Maintaining Performance with Less Data
Dominic Sanderson, Tatiana Kalgonova
TL;DR
The paper tackles the high cost and environmental impact of training image classifiers by introducing three dynamic data-use methods to reduce input data during training. It evaluates these methods—Data Step, Data Increment, and Data Cut—across MNIST, CIFAR-10, and smallNORB using a CNN-Capsule architecture and reports up to $50\%$ runtime reductions with dataset-dependent effects on accuracy. The findings show that targeted data reductions can maintain or even improve performance in some cases (notably MNIST and certain smallNORB runs) while random or excessive reductions can degrade accuracy, especially on CIFAR-10. The work highlights the potential for substantial efficiency gains in AI training and points to future research on principled data selection to optimize performance-cost tradeoffs.
Abstract
We propose a novel method for training a neural network for image classification to reduce input data dynamically, in order to reduce the costs of training a neural network model.

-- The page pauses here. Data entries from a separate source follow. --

Lemma sq_mul_exp_neg_lt r : 0 < r -> r ^ 2 * exp (- r) < (1 - exp (- r)) ^ 2.
Proof.
intros Hr.
set (y := r / 2). set (p := exp (- y)).
assert (Hp : 0 < p) by apply exp_pos.
assert (Hpp : exp (- r) = p * p) by (unfold p; rewrite <- exp_plus; f_equal; unfold y; field).
assert (Hdiff : 1 - exp (- r) = 2 * p * sinh y).
{ rewrite Hpp. unfold sinh. fold p.
  replace (exp y) with (/ p) by (unfold p; rewrite exp_Ropp, Rinv_inv; reflexivity).
  field. lra. }
rewrite Hdiff, Hpp.
assert (Hs : y < sinh y) by (apply lt_sinh; unfold y; lra).
replace r with (2 * y) by (unfold y; field).
assert (0 < y) by (unfold y; lra).
assert (Hyp : y * p < sinh y * p) by (apply Rmult_lt_compat_r; lra).
assert (0 < y * p) by nra.
nra.
Qed.

Section LaplaceRepresentation.

Variables x c mu : R.
Hypothesis c_pos : 0 < c.
Hypothesis cos_x : cos x = 1 - c ^ 2 / 2.

Definition damp (u : R) : R := exp (- (c * u)).

Definition denom (u : R) : R := 1 - 2 * damp u * cos x + damp u ^ 2.

(* [kernel cos] and [kernel sin] are the real and imaginary parts of
   [c exp (- (mu c u)) q e^{ix} / (1 - q e^{ix})] with [q = damp u]; [tail g K] is what
   remains of it after the first [K] terms of the geometric series. *)
Definition kernel (g : R -> R) (u : R) : R :=
  c * exp (- (mu * c * u)) * (damp u * g x - damp u ^ 2 * g 0) / denom u.

Definition tail (g : R -> R) (K : nat) (u : R) : R :=
  c * exp (- (mu * c * u)) * damp u ^ S K
    * (g (INR (S K) * x) - damp u * g (INR K * x)) / denom u.

Definition term (g : R -> R) (K : nat) (u : R) : R :=
  c * g (INR (S K) * x) * exp (- ((INR (S K) + mu) * c * u)).

Lemma damp_pos u : 0 < damp u.
Proof. apply exp_pos. Qed.

Lemma damp_le_1 u : 0 <= u -> damp u <= 1.
Proof. intros Hu. apply exp_le_1. nra. Qed.

Lemma denom_eq u : denom u = (1 - damp u) ^ 2 + c ^ 2 * damp u.
Proof. unfold denom. rewrite cos_x. field. Qed.

Lemma denom_pos u : 0 < denom u.
Proof.
rewrite denom_eq.
assert (0 < c ^ 2 * damp u) by (apply Rmult_lt_0_compat; [apply pow_lt; lra | apply damp_pos]).
generalize (pow2_ge_0 (1 - damp u)). lra.
Qed.

Lemma denom_ge u : 0 <= u -> c ^ 2 / 4 <= denom u.
Proof.
intros Hu. rewrite denom_eq.
assert (Hc2 : c ^ 2 <= 4) by (generalize (COS_bound x); lra).
generalize (damp_pos u) (damp_le_1 u Hu) (pow2_ge_0 (1 - damp u)). intros.
assert (c ^ 2 / 4 * (1 - damp u) ^ 2 <= (1 - damp u) ^ 2) by nra.
nra.
Qed.

Lemma exp_mul_damp_pow k u :
  exp (- (mu * c * u)) * damp u ^ k = exp (- ((INR k + mu) * c * u)).
Proof.
unfold damp. induction k as [| k IH].
- simpl. rewrite Rmult_1_r. f_equal. ring.
- rewrite S_INR, <- tech_pow_Rmult, Rmult_comm, Rmult_assoc, (Rmult_comm _ (exp _)), IH.
  rewrite <- exp_plus. f_equal. ring.
Qed.

Lemma tail_0 g u : tail g 0 u = kernel g u.
Proof.
unfold tail, kernel. simpl. rewrite Rmult_0_l, !Rmult_1_l.
field. apply Rgt_not_eq, denom_pos.
Qed.

Lemma continuous_kernel g u : continuous (kernel g) u.
Proof.
apply ex_derive_continuous_R. generalize (denom_pos u).
unfold kernel, denom, damp. intros. auto_derive. lra.
Qed.

Lemma continuous_tail g K u : continuous (tail g K) u.
Proof.
apply ex_derive_continuous_R. generalize (denom_pos u).
unfold tail, denom, damp. intros. auto_derive. lra.
Qed.

Lemma continuous_term g K u : continuous (term g K) u.
Proof. apply ex_derive_continuous_R. unfold term. auto_derive. auto. Qed.

Section Series.

Variable g : R -> R.
Hypothesis g_add : forall a b, g (a + b) + g (a - b) = 2 * cos b * g a.
Hypothesis g_bound : forall y, Rabs (g y) <= 1.
Hypothesis mu_gt : -1 < mu.

Lemma tail_S K u : tail g K u = term g K u + tail g (S K) u.
Proof.
assert (Hrec : g (INR (S (S K)) * x) = 2 * cos x * g (INR (S K) * x) - g (INR K * x)).
{ rewrite <- g_add. replace (INR (S (S K)) * x) with (INR (S K) * x + x) by (rewrite !S_INR; ring).
  replace (INR (S K) * x - x) with (INR K * x) by (rewrite S_INR; ring). ring. }
unfold tail, term. rewrite Hrec, <- exp_mul_damp_pow.
generalize (denom_pos u). unfold denom. intros. simpl pow. field. lra.
Qed.

Lemma tail_abs_le K u : 0 <= u ->
  Rabs (tail g K u) <= 8 / c * exp (- ((INR (S K) + mu) * c * u)).
Proof.
intros Hu. rewrite <- exp_mul_damp_pow.
assert (HD := denom_ge u Hu). assert (HD0 := denom_pos u).
assert (Hq0 := damp_pos u). assert (Hq1 := damp_le_1 u Hu).
set (P := exp (- (mu * c * u)) * damp u ^ S K).
assert (HP : 0 < P) by (apply Rmult_lt_0_compat; [apply exp_pos | apply pow_lt; lra]).
assert (Hg2 : Rabs (g (INR (S K) * x) - damp u * g (INR K * x)) <= 2).
{ eapply Rle_trans; [apply Rabs_triang |].
  rewrite Rabs_Ropp, Rabs_mult, (Rabs_pos_eq (damp u)) by lra.
  generalize (g_bound (INR (S K) * x)) (g_bound (INR K * x)). nra. }
replace (tail g K u) with (c * P * (g (INR (S K) * x) - damp u * g (INR K * x)) / denom u)
  by (unfold tail, P; field; apply Rgt_not_eq, denom_pos).
unfold Rdiv. rewrite !Rabs_mult, Rabs_inv, (Rabs_pos_eq c), (Rabs_pos_eq P), (Rabs_pos_eq (denom u))
  by lra.
assert (Hinv : / denom u <= 4 / c ^ 2).
{ replace (4 / c ^ 2) with (/ (c ^ 2 / 4)) by (field; lra).
  apply Rinv_le_contravar; [nra | lra]. }
assert (0 <= Rabs (g (INR (S K) * x) - damp u * g (INR K * x))) by apply Rabs_pos.
assert (0 < / denom u) by (apply Rinv_0_lt_compat; lra).
apply Rle_trans with (c * P * 2 * (4 / c ^ 2)).
- assert (HcP : 0 < c * P) by (apply Rmult_lt_0_compat; lra).
  apply Rmult_le_compat; [apply Rmult_le_pos; lra | lra | | lra].
  apply Rmult_le_compat_l; lra.
- apply Req_le. field. lra.
Qed.

Lemma is_RInt_pinfty_term K :
  is_RInt_pinfty (term g K) (g (INR (S K) * x) / (INR (S K) + mu)).
Proof.
assert (Hk : 0 < INR (S K) + mu) by (rewrite S_INR; generalize (pos_INR K); lra).
replace (g (INR (S K) * x) / (INR (S K) + mu))
  with (c * g (INR (S K) * x) * / ((INR (S K) + mu) * c)) by (field; lra).
apply (is_RInt_pinfty_scal (fun u => exp (- ((INR (S K) + mu) * c * u))));
  [intros; apply continuous_exp_neg |].
apply is_RInt_pinfty_exp_neg. nra.
Qed.

Lemma is_RInt_pinfty_kernel :
  is_RInt_pinfty (kernel g) (Series (fun n => g (INR (S n) * x) / (INR (S n) + mu))).
Proof.
set (a := fun n => g (INR (S n) * x) / (INR (S n) + mu)).
destruct (ex_RInt_pinfty_exp_dominated (kernel g) (8 / c) ((INR 1 + mu) * c)) as [I HI].
- apply continuous_kernel.
- simpl. nra.
- intros u Hu. rewrite <- tail_0. apply tail_abs_le; auto.
assert (Hstep : forall K l, is_RInt_pinfty (tail g K) l ->
          is_RInt_pinfty (tail g (S K)) (l - a K)).
{ intros K l Hl.
  apply is_RInt_pinfty_ext with (fun u => tail g K u - term g K u).
  - intros u. rewrite (tail_S K u). ring.
  - apply is_RInt_pinfty_minus; auto using continuous_tail, continuous_term, is_RInt_pinfty_term. }
assert (Htail : forall N, is_RInt_pinfty (tail g (S N)) (I - sum_n a N)).
{ induction N as [| N IH].
  - rewrite sum_O. apply Hstep. apply is_RInt_pinfty_ext with (kernel g); auto.
    intros u. symmetry. apply tail_0.
  - rewrite sum_Sn. replace (I - plus (sum_n a N) (a (S N))) with (I - sum_n a N - a (S N))
      by (unfold plus; simpl; ring).
    apply Hstep, IH. }
rewrite (is_series_unique a I); auto.
apply (is_lim_seq_of_abs_le_inv _ _ (8 / c ^ 2) (mu + 2)); [lra |].
intros N. rewrite Rabs_minus_sym.
replace (8 / c ^ 2 / (INR N + (mu + 2))) with (8 / c / ((INR (S (S N)) + mu) * c))
  by (rewrite !S_INR; field; split; [lra | generalize (pos_INR N); lra]).
apply (is_RInt_pinfty_abs_le (tail g (S N))); auto using continuous_tail.
- rewrite !S_INR. generalize (pos_INR N). intros. nra.
- intros u Hu. apply tail_abs_le; auto.
Qed.

End Series.

Lemma M_integrand_sq_sub_kernel_sq u :
  M_integrand ((mu + / 2) * c) u ^ 2 - (kernel cos u ^ 2 + kernel sin u ^ 2) =
  exp (- (mu * c * u)) ^ 2 * damp u * ((1 - damp u) ^ 2 - (c * u) ^ 2 * damp u)
    / (denom u * (u ^ 2 + 1)).
Proof.
assert (HD := denom_pos u). assert (Hu2 := pow2_ge_0 u).
set (E := exp (- (mu * c * u))).
assert (HM : M_integrand ((mu + / 2) * c) u ^ 2 = E ^ 2 * damp u / (u ^ 2 + 1)).
{ unfold M_integrand, Rdiv. rewrite Rpow_mult_distr, pow_inv, pow2_sqrt by lra.
  f_equal. unfold E, damp. simpl pow. rewrite !Rmult_1_r, <- !exp_plus. f_equal. field. }
assert (Hkernel : kernel cos u ^ 2 + kernel sin u ^ 2 = c ^ 2 * E ^ 2 * damp u ^ 2 / denom u).
{ unfold kernel. fold E. rewrite cos_0, sin_0.
  replace ((c * E * (damp u * sin x - damp u ^ 2 * 0) / denom u) ^ 2)
    with (c ^ 2 * E ^ 2 * damp u ^ 2 * sin x ^ 2 / denom u ^ 2) by (field; lra).
  replace (sin x ^ 2) with (1 - cos x ^ 2) by (generalize (sin2_cos2 x); unfold Rsqr; simpl; lra).
  unfold denom in HD |- *. field. lra. }
rewrite HM, Hkernel.
replace ((1 - damp u) ^ 2) with (denom u - c ^ 2 * damp u) by (rewrite denom_eq; ring).
field. lra.
Qed.

Lemma kernel_sq_lt_M_integrand_sq u : 0 < u ->
  kernel cos u ^ 2 + kernel sin u ^ 2 < M_integrand ((mu + / 2) * c) u ^ 2.
Proof.
intros Hu.
assert (Hgap : 0 < (1 - damp u) ^ 2 - (c * u) ^ 2 * damp u)
  by (generalize (sq_mul_exp_neg_lt (c * u) ltac:(nra)); unfold damp; lra).
assert (0 < exp (- (mu * c * u)) ^ 2 * damp u * ((1 - damp u) ^ 2 - (c * u) ^ 2 * damp u)
          / (denom u * (u ^ 2 + 1))).
{ apply Rdiv_lt_0_compat.
  - apply Rmult_lt_0_compat; [| lra].
    apply Rmult_lt_0_compat; [apply pow_lt, exp_pos | apply damp_pos].
  - apply Rmult_lt_0_compat; [apply denom_pos | generalize (pow2_ge_0 u); lra]. }
generalize (M_integrand_sq_sub_kernel_sq u). lra.
Qed.

Lemma kernel_sq_le_M_integrand_sq u : 0 <= u ->
  kernel cos u ^ 2 + kernel sin u ^ 2 <= M_integrand ((mu + / 2) * c) u ^ 2.
Proof.
intros Hu. destruct (Req_dec u 0) as [-> | Hne].
- generalize (M_integrand_sq_sub_kernel_sq 0).
  unfold damp. rewrite !Rmult_0_r, Ropp_0, exp_0. intros H.
  ring_simplify in H. lra.
- left. apply kernel_sq_lt_M_integrand_sq. lra.
Qed.

End LaplaceRepresentation.

Lemma cos_plus_add_minus a b : cos (a + b) + cos (a - b) = 2 * cos b * cos a.
Proof. rewrite cos_plus, cos_minus. ring. Qed.

Lemma sin_plus_add_minus a b : sin (a + b) + sin (a - b) = 2 * cos b * sin a.
Proof. rewrite sin_plus, sin_minus. ring. Qed.

Lemma Cmod_L_lt_M x mu : 0 < sin (x / 2) -> -1/2 < mu ->
  Cmod (L x mu) < M ((2 * mu + 1) * sin (x / 2)).
Proof.
intros Hs Hmu.
set (c := 2 * sin (x / 2)).
assert (Hc : 0 < c) by (unfold c; lra).
assert (Hcos : cos x = 1 - c ^ 2 / 2)
  by (unfold c; replace x with (2 * (x / 2)) at 1 by field; rewrite cos_2a_sin; field).
replace ((2 * mu + 1) * sin (x / 2)) with ((mu + / 2) * c) by (unfold c; field).
assert (Ht : 0 < (mu + / 2) * c) by nra.
apply (Cmod_is_RInt_pinfty_lt (kernel x c mu cos) (kernel x c mu sin)
         (M_integrand ((mu + / 2) * c))).
- apply continuous_kernel; auto.
- apply continuous_kernel; auto.
- apply continuous_M_integrand.
- apply is_RInt_pinfty_kernel; auto using cos_plus_add_minus.
  + intros y. apply Rabs_le, COS_bound.
  + lra.
- apply is_RInt_pinfty_kernel; auto using sin_plus_add_minus.
  + intros y. apply Rabs_le, SIN_bound.
  + lra.
- apply is_RInt_pinfty_M; auto.
- intros u _. left. apply M_integrand_pos.
- apply kernel_sq_le_M_integrand_sq; auto.
- apply kernel_sq_lt_M_integrand_sq; auto.
Qed.

Lemma Cmod_cexpi a : Cmod (cexpi a) = 1.
Proof.
unfold Cmod, cexpi. simpl fst. simpl snd.
replace (cos a ^ 2 + sin a ^ 2) with 1 by (generalize (sin2_cos2 a); unfold Rsqr; simpl; lra).
apply sqrt_1.
Qed.

Lemma Cmod_LL x lam : Cmod (LL x lam) = Cmod (L (2 * x) ((lam - 1) / 2)).
Proof. unfold LL. rewrite Cmod_mult, Cmod_cexpi. ring. Qed.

As Deep Learning tasks become more popular, their computational complexity increases, leading to more intricate algorithms and models which have longer runtimes and require more input data. The result is a greater cost on time, hardware, and environmental resources. By using data reduction techniques, we reduce the amount of work performed, and therefore the environmental impact of AI techniques, and with dynamic data reduction we show that accuracy may be maintained while reducing runtime by up to 50%, and reducing carbon emission proportionally.